The following subcommands will exist.

new

mailbundler [--config <path/to/config>] new [--profile <profile_name>] [--default] <path/to/bundle>

This will create the above mentioned folder structure and add the chosen path to the mailbundler.json config file. If --default is used, this bundle will be set as default profile. If no --profile is provided, the profile name will be the last component of the given path (i.e. the directory basename).

apply

mailbundler [--config <path/to/config>] apply [--profile <profile_name>]

This will create/update the contents of the environment/ subfolder. If no --profile is specified, the default one is used.

start

mailbundler [--config <path/to/config>] start [--profile <profile_name>]

This will start the screen/tmux session. If no --profile is specified, the default one is used.

pack

mailbundler [--config <path/to/config>] pack [--profile <profile_name>] [--light] [--all]

This will pack in a tarball the bundle. If --light is specified, the contents of var/ will not be packed. If no --profile is specified, the default one is used. If --all is specified, all the profiles in mailbundler.json will be tarballed in separate tarballs (--profile will be ignored and --light, if present, will be applied to all the packs).

unpack

mailbundler [--config <path/to/config>] unpack [--profile <profile_name>] <path/to/tarball> <path/to/new/bundle>

This will unpack the tarball in the given destination.
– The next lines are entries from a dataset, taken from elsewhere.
Lemma orbit_rep_lt (i j : 'I_5) : (i < j)%N ->
  ~ orbit_ (orbit_rep (cv3 0 0 c) i) (orbit_rep (cv3 0 0 c) j).
Proof.
have J2_neq0 : J2 k != 0.
  by apply/eqP => /matrixP/(_ 0 1); rewrite !mxE /= => /eqP; rewrite oner_eq0.
have c_cv3_neq0 x : cv3 x 0 c != 0.
  apply: contraNneq c_neq0 => /(congr1 (fun w : 'cV[k]_3 => w 2 0)).
  by rewrite !mxE /= => ->.
rewrite /orbit_rep; case: i j => -[|[|[|[|[|?]]]]] ? [[|[|[|[|[|?]]]]] ?] //= _;
  rewrite ?lowest_add_highest.
all: try by move/orbit_fst_eq0; rewrite /= eqxx (negbTE J2_neq0).
- by case/orbit_zeroP => g _ [] /eqP; rewrite mulmx0 (negbTE (c_cv3_neq0 _)).
- by case/orbit_zeroP => g _ [] /eqP; rewrite mulmx0 (negbTE (c_cv3_neq0 _)).
- case/orbit_zeroP => g _ [] /(congr1 (@disc k)); rewrite disc_rho !disc_cv3 => /eqP.
  rewrite mulr0 mul0r subr0 expr0n mulr0 sub0r oppr_eq0; apply/negP.
  by rewrite !mulf_neq0 // (four_neq0 two_neq0).
- by move/orbit_J2_zero; rewrite mxE /=; apply/eqP.
Qed.

Lemma orbit_rep_disjoint (i j : 'I_5) : i != j ->
  forall p, ~ (orbit_ (orbit_rep (cv3 0 0 c) i) p /\
               orbit_ (orbit_rep (cv3 0 0 c) j) p).
Proof.
move=> ij p [Oi Oj]; have Oij := orbit_trans Oi (orbit_sym Oj).
case: (ltngtP i j) => [lt|gt|eq]; first exact: orbit_rep_lt lt Oij.
  exact: orbit_rep_lt gt (orbit_sym Oij).
by move: ij; rewrite (val_inj eq) eqxx.
Qed.

End NormalForms.
Lemma dist_gt_outside_annulus (C : numDomainType) (alpha beta : C) (n d : nat) z :
  0 <= alpha -> alpha + d%:R <= n%:R -> n%:R <= beta - d%:R ->
  ~~ (alpha <= `|z| <= beta) -> d%:R < `|n%:R - z|.
Proof.
move=> alpha_ge0 alpha_le beta_ge.
have beta_ge0 : 0 <= beta.
  by apply: le_trans (_ : 0 <= n%:R + d%:R) _; rewrite ?addr_ge0 // -lerBrDr.
rewrite negb_and -!real_ltNge ?normr_real ?ger0_real // => /orP[z_lt|z_gt].
- apply: lt_le_trans (lerB_dist _ _); rewrite normr_nat ltrBrDr.
  by apply: lt_le_trans alpha_le; rewrite addrC ltrD2r.
- rewrite distrC; apply: lt_le_trans (lerB_dist _ _); rewrite normr_nat ltrBrDr.
  by apply: le_lt_trans z_gt; rewrite addrC -lerBrDr.
Qed.

Lemma int_poly_horner_gt (C : numClosedFieldType) (g : {poly int}) x (d : nat) :
  (1 < size g)%N ->
  (forall z : C, root (map_poly intr g) z -> d%:R < `|x%:~R - z|) ->
  (d < `|g.[x]|)%N.
Proof.
move=> size_g far_roots; pose gC := map_poly (intr : int -> C) g.
have [rs gC_eq] := closed_field_poly_normal gC.
have size_gC : size gC = size g by rewrite size_map_inj_poly //; exact: intr_inj.
have lc_gC : lead_coef gC = (lead_coef g)%:~R.
  by rewrite lead_coef_map_inj //; exact: intr_inj.
have g_nz : g != 0 by rewrite -size_poly_gt0 (ltn_trans _ size_g).
have lc_nz : lead_coef gC != 0 by rewrite lc_gC intr_eq0 lead_coef_eq0.
have lc_ge1 : 1 <= `|lead_coef gC|.
  by rewrite lc_gC -intr_norm ler1z -abszE lez_nat absz_gt0 lead_coef_eq0.
have rs_neq0 : rs != [::].
  apply: contraTneq size_g => rs0; rewrite -size_gC gC_eq rs0 big_nil alg_polyC.
  by rewrite size_polyC leqNgt ltnS leq_b1.
have d_le : (d <= d ^ size rs)%N.
  case: d {far_roots} => // d.
  by rewrite -{1}(expn1 d.+1) leq_pexp2l // lt0n size_eq0.
suff : d%:R < `|gC.[x%:~R]| by rewrite horner_map /= -intr_norm -abszE ltr_nat.
rewrite gC_eq hornerZ horner_prod normrM normr_prod.
apply: (lt_le_trans _ (ler_peMl _ lc_ge1)); last by apply: prodr_ge0.
apply: (le_lt_trans (_ : d%:R <= (d ^ size rs)%:R)); first by rewrite ler_nat.
rewrite natrX -[X in X < _]iter_mulr_1 -count_predT -big_const_seq !big_seq.
apply: ltr_prod => [|z z_in].
  by apply/hasP; exists rs`_0; rewrite mem_nth // lt0n size_eq0.
by rewrite ler0n hornerXsubC far_roots // -/gC gC_eq rootZ // root_prod_XsubC.
Qed.

Section ComplexRoots.
Local Open Scope complex_scope.

Lemma factor_horner_gt (R : rcfType) (f g h : {poly int}) (alpha beta : R) j n d :
  0 <= alpha ->
  \sum_(i < size f | i != j :> nat) `|f`_i|%:~R * beta ^+ i <
    `|f`_j|%:~R * alpha ^+ j ->
  alpha + d%:R <= n%:R -> n%:R <= beta - d%:R ->
  f = g * h -> (1 < size g)%N -> (d < `|g.[n%:Z]|)%N.
Proof.
move=> alpha_ge0 dominant alpha_le beta_ge fgh size_g.
apply: (int_poly_horner_gt (R[i])) => // z gz.
pose fC := map_poly (intr : int -> R[i]) f.
have fz : root fC z by rewrite /fC fgh rmorphM rootM gz.
have size_fC : size fC = size f by rewrite size_map_inj_poly //; exact: intr_inj.
have norm_coef i (b : R) : `|fC`_i| * b%:C ^+ i = (`|f`_i|%:~R * b ^+ i)%:C.
  by rewrite coef_map /= -intr_norm rmorphM rmorphXn rmorph_int.
have C_nat m : (m%:R : R)%:C = m%:R by rewrite rmorph_nat.
have alphaC_ge0 : 0 <= alpha%:C by rewrite -(rmorph0 (real_complex R)) lecR.
apply: (@dist_gt_outside_annulus _ alpha%:C beta%:C) => //.
- by rewrite -!C_nat -rmorphD lecR.
- by rewrite -!C_nat -rmorphB lecR.
apply: contraL fz; apply: (@root_outside_annulus _ _ _ _ j) => //.
rewrite size_fC; under eq_bigr do rewrite norm_coef.
by rewrite norm_coef -rmorph_sum ltcR.
Qed.

End ComplexRoots.

Lemma logn_split_above_cofactor {p k d a b : nat} :
  prime p -> ~~ (p %| d)%N -> (a * b = p ^ k * d)%N -> (d < a)%N -> (d < b)%N ->
  [/\ (0 < logn p a)%N, (0 < logn p b)%N & (logn p a + logn p b = k)%N].
Proof.
move=> p_pr p_nd ab_eq d_lt_a d_lt_b.
have d_gt0 : (0 < d)%N by apply: contraNT p_nd; rewrite lt0n negbK => /eqP ->.
have logn_gt0_of x y : (x * y = p ^ k * d)%N -> (d < x)%N -> (0 < logn p x)%N.
  move=> xy_eq d_lt_x; rewrite logn_gt0 mem_primes p_pr (leq_ltn_trans _ d_lt_x) //=.
  apply: contraLR d_lt_x => p_ndx; rewrite -leqNgt; apply: (dvdn_leq d_gt0).
  have x_cop : coprime x (p ^ k) by rewrite coprimeXr // coprime_sym prime_coprime.
  by rewrite -(Gauss_dvdr _ x_cop) -xy_eq dvdn_mulr.
split; [exact: logn_gt0_of ab_eq d_lt_a | by apply: (logn_gt0_of b a) => //; rewrite mulnC |].
rewrite -lognM ?(leq_ltn_trans _ d_lt_a) ?(leq_ltn_trans _ d_lt_b) // ab_eq.
rewrite lognM ?expn_gt0 ?(prime_gt0 p_pr) // pfactorK //.
by rewrite logn_coprime ?addn0 // prime_coprime.
Qed.

Lemma coef_comp_XaddC (R : comNzRingType) (g : {poly R}) (c : R) i :
  (g \Po ('X + c%:P))`_i = g^`N(i).[c].
Proof.
rewrite /comp_poly addrC (@nderiv_taylor_wide _ (size g + i.+1)); last 2 first.
- exact: commr_polyX.
- by rewrite size_map_polyC leq_addr.
rewrite coef_sum (bigD1 (Ordinal (leq_addl (size g) i.+1))) //= big1 => [|x ne_xi].
  by rewrite addr0 nderivn_map horner_map /= coefCM coefXn eqxx mulr1.
rewrite nderivn_map horner_map /= coefCM coefXn eq_sym.
by rewrite (_ : (x == i :> nat) = false) ?mulr0 //; apply/negbTE.
Qed.

Definition least_argmin {R : nzSemiRingType} (w : nat -> nat) (F : {poly R}) i0 :=
  [/\ F`_i0 != 0, forall i, F`_i != 0 -> (w i0 <= w i)%N
    & forall i, (i < i0)%N -> F`_i != 0 -> (w i0 < w i)%N].

Lemma least_argminP {R : nzSemiRingType} (w : nat -> nat) {F : {poly R}} :
  F != 0 -> exists i0, least_argmin w F i0.
Proof.
move=> F_neq0.
have in_support i : F`_i != 0 -> (i < size F)%N.
  by rewrite ltnNge; apply: contra => /(nth_default 0) ->.
pose attained N := [exists i : 'I_(size F), (F`_i != 0) && (w i == N)].
have attained_at i : F`_i != 0 -> attained (w i).
  by move=> nz; apply/existsP; exists (Ordinal (in_support i nz)); rewrite /= nz eqxx.
have lead_nz : F`_(size F).-1 != 0 by rewrite -lead_coefE lead_coef_eq0.
have attained_some : exists N, attained N by exists (w (size F).-1); apply: attained_at.
have [mu /existsP[i1 /andP[nz1 /eqP w1]] mu_min] := ex_minnP attained_some.
have w_ge_mu i : F`_i != 0 -> (mu <= w i)%N by move=> nz; exact/mu_min/attained_at.
have attains_mu : exists i, (F`_i != 0) && (w i == mu) by exists i1; rewrite nz1 w1 eqxx.
have [i0 /andP[nz0 /eqP w0] i0_min] := ex_minnP attains_mu.
exists i0; split => // [i nz|i lt_i nz]; rewrite w0; first exact: w_ge_mu.
rewrite ltn_neqAle w_ge_mu // andbT; apply: contraTneq lt_i => mu_eq.
by rewrite -leqNgt i0_min // nz mu_eq eqxx.
Qed.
The destination may not exist and in that case it will be created. The profile will be added to mailbundler.json.

leophys commented 2 years ago

After another round of useful discussion, we decided to drop the idea of profiles, and steer towards a git-like approach: mailbundler will behave differently whether in a bundle or not and will look for an env variable that sets a default bundle (MAILBUNDE_DEFAULT_DIR). So, for example, if I have two distinct bundles ~/workmail and ~/mail, I can:

The mailbundler.json file will still exist, but will hold only configurations used by the cli itself to run (for example the verbosity).